# Problem requirements:
What is needed is a verbatim copy of each record below.

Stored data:
= = = = =

(* The following is a deductive theorem of impredicative second-order logic, for one-place predicates $P_1,P_2$ and two-place relations $\varepsilon_1,\varepsilon_2$: $$\big(\mathsf{LT}(P_1,\varepsilon_1)\wedge \Sigma x\,P_1(x)\wedge\mathsf{LT}(P_2,\varepsilon_2)\wedge\Sigma x\,P_2(x)\big)\to\exists R\Big(\forall v\forall y(R(v,y)\to(P_1(v)\wedge P_2(y)))\wedge\forall v(P_1(v)\to\exists! y\,R(v,y))\wedge\forall y(P_2(y)\to\exists! v\,R(v,y))\wedge\forall v\forall y\forall x\forall z((R(v,y)\wedge R(x,z))\to(v\,\varepsilon_1\,x\leftrightarrow y\,\varepsilon_2\,z))\Big).$$
   Context: For a predicate $P$ and relation $\varepsilon$, define $a\subseteq_\varepsilon b$ as $\forall x(x\,\varepsilon\,a\to x\,\varepsilon\,b)$; $b=\mathrm{pot}_\varepsilon(a)$ as $\forall x(x\,\varepsilon\,b\leftrightarrow\exists c(x\subseteq_\varepsilon c\wedge c\,\varepsilon\,a))$; $h$ is an $\varepsilon$-history iff for every $x$ with $x\,\varepsilon\,h$, $x=\mathrm{pot}_\varepsilon(x\cap_\varepsilon h)$ (where $x\cap_\varepsilon h$ is the $\varepsilon$-set of things $\varepsilon$-in both); $s$ is an $\varepsilon$-level iff $s=\mathrm{pot}_\varepsilon(h)$ for some $\varepsilon$-history $h$. Then $\mathsf{LT}(P,\varepsilon)$ is the conjunction of: (i) $\forall a\forall b((P(a)\wedge P(b)\wedge\forall x(x\,\varepsilon\,a\leftrightarrow x\,\varepsilon\,b))\to a=b)$; (ii) $\forall F\forall a(P(a)\to\exists b(P(b)\wedge\forall x(x\,\varepsilon\,b\leftrightarrow(F(x)\wedge x\,\varepsilon\,a))))$; (iii) $\forall a(P(a)\to\exists s(s\text{ is an }\varepsilon\text{-level}\wedge a\subseteq_\varepsilon s))$; (iv) $\forall x\forall y(x\,\varepsilon\,y\to(P(x)\wedge P(y)))$. For a formula $\Phi$, $\Sigma x\,\Phi(x)$ abbreviates $\exists P(\forall x\,\Phi(P(x))\wedge\forall y(\Phi(y)\to\exists!x\,P(x)=y))$, where $P$ is a second-order function variable (a bijection between the universe and the $\Phi$s). *)

(* Second-order logic is rendered with a
   universe of individuals U : Type; one-place predicates are U -> Prop,
   two-place relations are U -> U -> Prop, second-order function variables
   are U -> U. *)

Section LevelTheory.
Variable U : Type.

Definition subeq (eps : U -> U -> Prop) (a b : U) : Prop :=
  forall x, eps x a -> eps x b.

Definition is_pot (eps : U -> U -> Prop) (b a : U) : Prop :=
  forall x, eps x b <-> exists c, subeq eps x c /\ eps c a.

(* x = pot_ε(x ∩_ε h), with "c ε (x ∩_ε h)" read as "c ε x /\ c ε h" *)
Definition is_pot_cap (eps : U -> U -> Prop) (x h : U) : Prop :=
  forall z, eps z x <-> exists c, subeq eps z c /\ (eps c x /\ eps c h).

Definition history (eps : U -> U -> Prop) (h : U) : Prop :=
  forall x, eps x h -> is_pot_cap eps x h.

Definition level (eps : U -> U -> Prop) (s : U) : Prop :=
  exists h, history eps h /\ is_pot eps s h.

Definition LT (P : U -> Prop) (eps : U -> U -> Prop) : Prop :=
  (forall a b, P a -> P b -> (forall x, eps x a <-> eps x b) -> a = b) /\
  (forall (F : U -> Prop) a, P a ->
      exists b, P b /\ (forall x, eps x b <-> (F x /\ eps x a))) /\
  (forall a, P a -> exists s, level eps s /\ subeq eps a s) /\
  (forall x y, eps x y -> P x /\ P y).

Definition Sigma (Phi : U -> Prop) : Prop :=
  exists f : U -> U,
    (forall x, Phi (f x)) /\ (forall y, Phi y -> exists! x, f x = y).

End LevelTheory.

Arguments subeq {U}. Arguments is_pot {U}. Arguments is_pot_cap {U}.
Arguments history {U}. Arguments level {U}. Arguments LT {U}. Arguments Sigma {U}.

From Stdlib Require Import Classical.

(* Σ forces P to hold of everything, so ε is an extensional, separative and
   stratified membership relation on the whole universe.  Such a relation is
   well founded, its levels are linearly ordered by ε, and the greatest
   bisimulation between ε1 and ε2 is a partial bijection preserving
   membership, whose domain is closed under subsets and under bounded
   extension.  If the domain is not everything, then every level missing an
   element of the domain is in the domain, so the domain is bounded by a
   level.  If moreover the bisimulation is onto, Cantor's diagonal set is a
   contradiction; if neither side is exhausted, the elements of the bound
   lying in the domain form a set containing all its subsets, contradicting
   Russell. *)

Definition extensional {U} (e : U -> U -> Prop) : Prop :=
  forall a b, (forall x, e x a <-> e x b) -> a = b.

Definition separation {U} (e : U -> U -> Prop) : Prop :=
  forall (F : U -> Prop) a, exists b, forall x, e x b <-> F x /\ e x a.

Definition stratified {U} (e : U -> U -> Prop) : Prop :=
  forall a, exists s, level e s /\ subeq e a s.

Record levelled {U} (e : U -> U -> Prop) : Prop := {
  levelled_ext : extensional e;
  levelled_sep : separation e;
  levelled_strat : stratified e }.

Arguments levelled_ext {U e}.
Arguments levelled_sep {U e}.
Arguments levelled_strat {U e}.

Section LevelTheoryWithSigma.
Context {U : Type} {P : U -> Prop} {e : U -> U -> Prop}.

Lemma LT_empty_of_not_P z : LT P e -> ~ P z -> forall x y, ~ e x y.
Proof.
  intros (_ & _ & Hstrat & Hfield) Hz x y Hxy.
  destruct (Hstrat y (proj2 (Hfield x y Hxy))) as (s & (h & _ & Hs) & Hys).
  destruct (proj1 (Hs x) (Hys x Hxy)) as (c & _ & Hch).
  assert (Hzs : e z s).
  { apply Hs. exists c. split; [|exact Hch].
    intros w Hw. exfalso. exact (Hz (proj2 (Hfield w z Hw))). }
  exact (Hz (proj1 (Hfield z s Hzs))).
Qed.

(* Otherwise ε is empty, so all Ps are equal and U, in bijection with them,
   is a singleton. *)
Lemma LT_Sigma_all : LT P e -> Sigma P -> forall z, P z.
Proof.
  intros HLT (f & Hf & Hbij) z. apply NNPP. intro Hz.
  assert (Hsingle : forall a b, P a -> P b -> a = b).
  { intros a b Ha Hb. apply (proj1 HLT a b Ha Hb). intro x.
    split; intro Hx; exfalso; exact (LT_empty_of_not_P z HLT Hz _ _ Hx). }
  destruct (Hbij (f z) (Hf z)) as (x & _ & Hx).
  assert (Hxz : x = z) by (apply Hx; reflexivity).
  assert (Hxfz : x = f z) by (apply Hx; apply Hsingle; apply Hf).
  apply Hz. rewrite <- Hxz, Hxfz. apply Hf.
Qed.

= = = = =

# Reply to the exercise:
(* The following is a deductive theorem of impredicative second-order logic, for one-place predicates $P_1,P_2$ and two-place relations $\varepsilon_1,\varepsilon_2$: $$\big(\mathsf{LT}(P_1,\varepsilon_1)\wedge \Sigma x\,P_1(x)\wedge\mathsf{LT}(P_2,\varepsilon_2)\wedge\Sigma x\,P_2(x)\big)\to\exists R\Big(\forall v\forall y(R(v,y)\to(P_1(v)\wedge P_2(y)))\wedge\forall v(P_1(v)\to\exists! y\,R(v,y))\wedge\forall y(P_2(y)\to\exists! v\,R(v,y))\wedge\forall v\forall y\forall x\forall z((R(v,y)\wedge R(x,z))\to(v\,\varepsilon_1\,x\leftrightarrow y\,\varepsilon_2\,z))\Big).$$
   Context: For a predicate $P$ and relation $\varepsilon$, define $a\subseteq_\varepsilon b$ as $\forall x(x\,\varepsilon\,a\to x\,\varepsilon\,b)$; $b=\mathrm{pot}_\varepsilon(a)$ as $\forall x(x\,\varepsilon\,b\leftrightarrow\exists c(x\subseteq_\varepsilon c\wedge c\,\varepsilon\,a))$; $h$ is an $\varepsilon$-history iff for every $x$ with $x\,\varepsilon\,h$, $x=\mathrm{pot}_\varepsilon(x\cap_\varepsilon h)$ (where $x\cap_\varepsilon h$ is the $\varepsilon$-set of things $\varepsilon$-in both); $s$ is an $\varepsilon$-level iff $s=\mathrm{pot}_\varepsilon(h)$ for some $\varepsilon$-history $h$. Then $\mathsf{LT}(P,\varepsilon)$ is the conjunction of: (i) $\forall a\forall b((P(a)\wedge P(b)\wedge\forall x(x\,\varepsilon\,a\leftrightarrow x\,\varepsilon\,b))\to a=b)$; (ii) $\forall F\forall a(P(a)\to\exists b(P(b)\wedge\forall x(x\,\varepsilon\,b\leftrightarrow(F(x)\wedge x\,\varepsilon\,a))))$; (iii) $\forall a(P(a)\to\exists s(s\text{ is an }\varepsilon\text{-level}\wedge a\subseteq_\varepsilon s))$; (iv) $\forall x\forall y(x\,\varepsilon\,y\to(P(x)\wedge P(y)))$. For a formula $\Phi$, $\Sigma x\,\Phi(x)$ abbreviates $\exists P(\forall x\,\Phi(P(x))\wedge\forall y(\Phi(y)\to\exists!x\,P(x)=y))$, where $P$ is a second-order function variable (a bijection between the universe and the $\Phi$s). *)

(* Second-order logic is rendered with a
   universe of individuals U : Type; one-place predicates are U -> Prop,
   two-place relations are U -> U -> Prop, second-order function variables
   are U -> U. *)

Section LevelTheory.
Variable U : Type.

Definition subeq (eps : U -> U -> Prop) (a b : U) : Prop :=
  forall x, eps x a -> eps x b.

Definition is_pot (eps : U -> U -> Prop) (b a : U) : Prop :=
  forall x, eps x b <-> exists c, subeq eps x c /\ eps c a.

(* x = pot_ε(x ∩_ε h), with "c ε (x ∩_ε h)" read as "c ε x /\ c ε h" *)
Definition is_pot_cap (eps : U -> U -> Prop) (x h : U) : Prop :=
  forall z, eps z x <-> exists c, subeq eps z c /\ (eps c x /\ eps c h).

Definition history (eps : U -> U -> Prop) (h : U) : Prop :=
  forall x, eps x h -> is_pot_cap eps x h.

Definition level (eps : U -> U -> Prop) (s : U) : Prop :=
  exists h, history eps h /\ is_pot eps s h.

Definition LT (P : U -> Prop) (eps : U -> U -> Prop) : Prop :=
  (forall a b, P a -> P b -> (forall x, eps x a <-> eps x b) -> a = b) /\
  (forall (F : U -> Prop) a, P a ->
      exists b, P b /\ (forall x, eps x b <-> (F x /\ eps x a))) /\
  (forall a, P a -> exists s, level eps s /\ subeq eps a s) /\
  (forall x y, eps x y -> P x /\ P y).

Definition Sigma (Phi : U -> Prop) : Prop :=
  exists f : U -> U,
    (forall x, Phi (f x)) /\ (forall y, Phi y -> exists! x, f x = y).

End LevelTheory.

Arguments subeq {U}. Arguments is_pot {U}. Arguments is_pot_cap {U}.
Arguments history {U}. Arguments level {U}. Arguments LT {U}. Arguments Sigma {U}.

From Stdlib Require Import Classical.

(* Σ forces P to hold of everything, so ε is an extensional, separative and
   stratified membership relation on the whole universe.  Such a relation is
   well founded, its levels are linearly ordered by ε, and the greatest
   bisimulation between ε1 and ε2 is a partial bijection preserving
   membership, whose domain is closed under subsets and under bounded
   extension.  If the domain is not everything, then every level missing an
   element of the domain is in the domain, so the domain is bounded by a
   level.  If moreover the bisimulation is onto, Cantor's diagonal set is a
   contradiction; if neither side is exhausted, the elements of the bound
   lying in the domain form a set containing all its subsets, contradicting
   Russell. *)

Definition extensional {U} (e : U -> U -> Prop) : Prop :=
  forall a b, (forall x, e x a <-> e x b) -> a = b.

Definition separation {U} (e : U -> U -> Prop) : Prop :=
  forall (F : U -> Prop) a, exists b, forall x, e x b <-> F x /\ e x a.

Definition stratified {U} (e : U -> U -> Prop) : Prop :=
  forall a, exists s, level e s /\ subeq e a s.

Record levelled {U} (e : U -> U -> Prop) : Prop := {
  levelled_ext : extensional e;
  levelled_sep : separation e;
  levelled_strat : stratified e }.

Arguments levelled_ext {U e}.
Arguments levelled_sep {U e}.
Arguments levelled_strat {U e}.

Section LevelTheoryWithSigma.
Context {U : Type} {P : U -> Prop} {e : U -> U -> Prop}.

Lemma LT_empty_of_not_P z : LT P e -> ~ P z -> forall x y, ~ e x y.
Proof.
  intros (_ & _ & Hstrat & Hfield) Hz x y Hxy.
  destruct (Hstrat y (proj2 (Hfield x y Hxy))) as (s & (h & _ & Hs) & Hys).
  destruct (proj1 (Hs x) (Hys x Hxy)) as (c & _ & Hch).
  assert (Hzs : e z s).
  { apply Hs. exists c. split; [|exact Hch].
    intros w Hw. exfalso. exact (Hz (proj2 (Hfield w z Hw))). }
  exact (Hz (proj1 (Hfield z s Hzs))).
Qed.

(* Otherwise ε is empty, so all Ps are equal and U, in bijection with them,
   is a singleton. *)
Lemma LT_Sigma_all : LT P e -> Sigma P -> forall z, P z.
Proof.
  intros HLT (f & Hf & Hbij) z. apply NNPP. intro Hz.
  assert (Hsingle : forall a b, P a -> P b -> a = b).
  { intros a b Ha Hb. apply (proj1 HLT a b Ha Hb). intro x.
    split; intro Hx; exfalso; exact (LT_empty_of_not_P z HLT Hz _ _ Hx). }
  destruct (Hbij (f z) (Hf z)) as (x & _ & Hx).
  assert (Hxz : x = z) by (apply Hx; reflexivity).
  assert (Hxfz : x = f z) by (apply Hx; apply Hsingle; apply Hf).
  apply Hz. rewrite <- Hxz, Hxfz. apply Hf.
Qed.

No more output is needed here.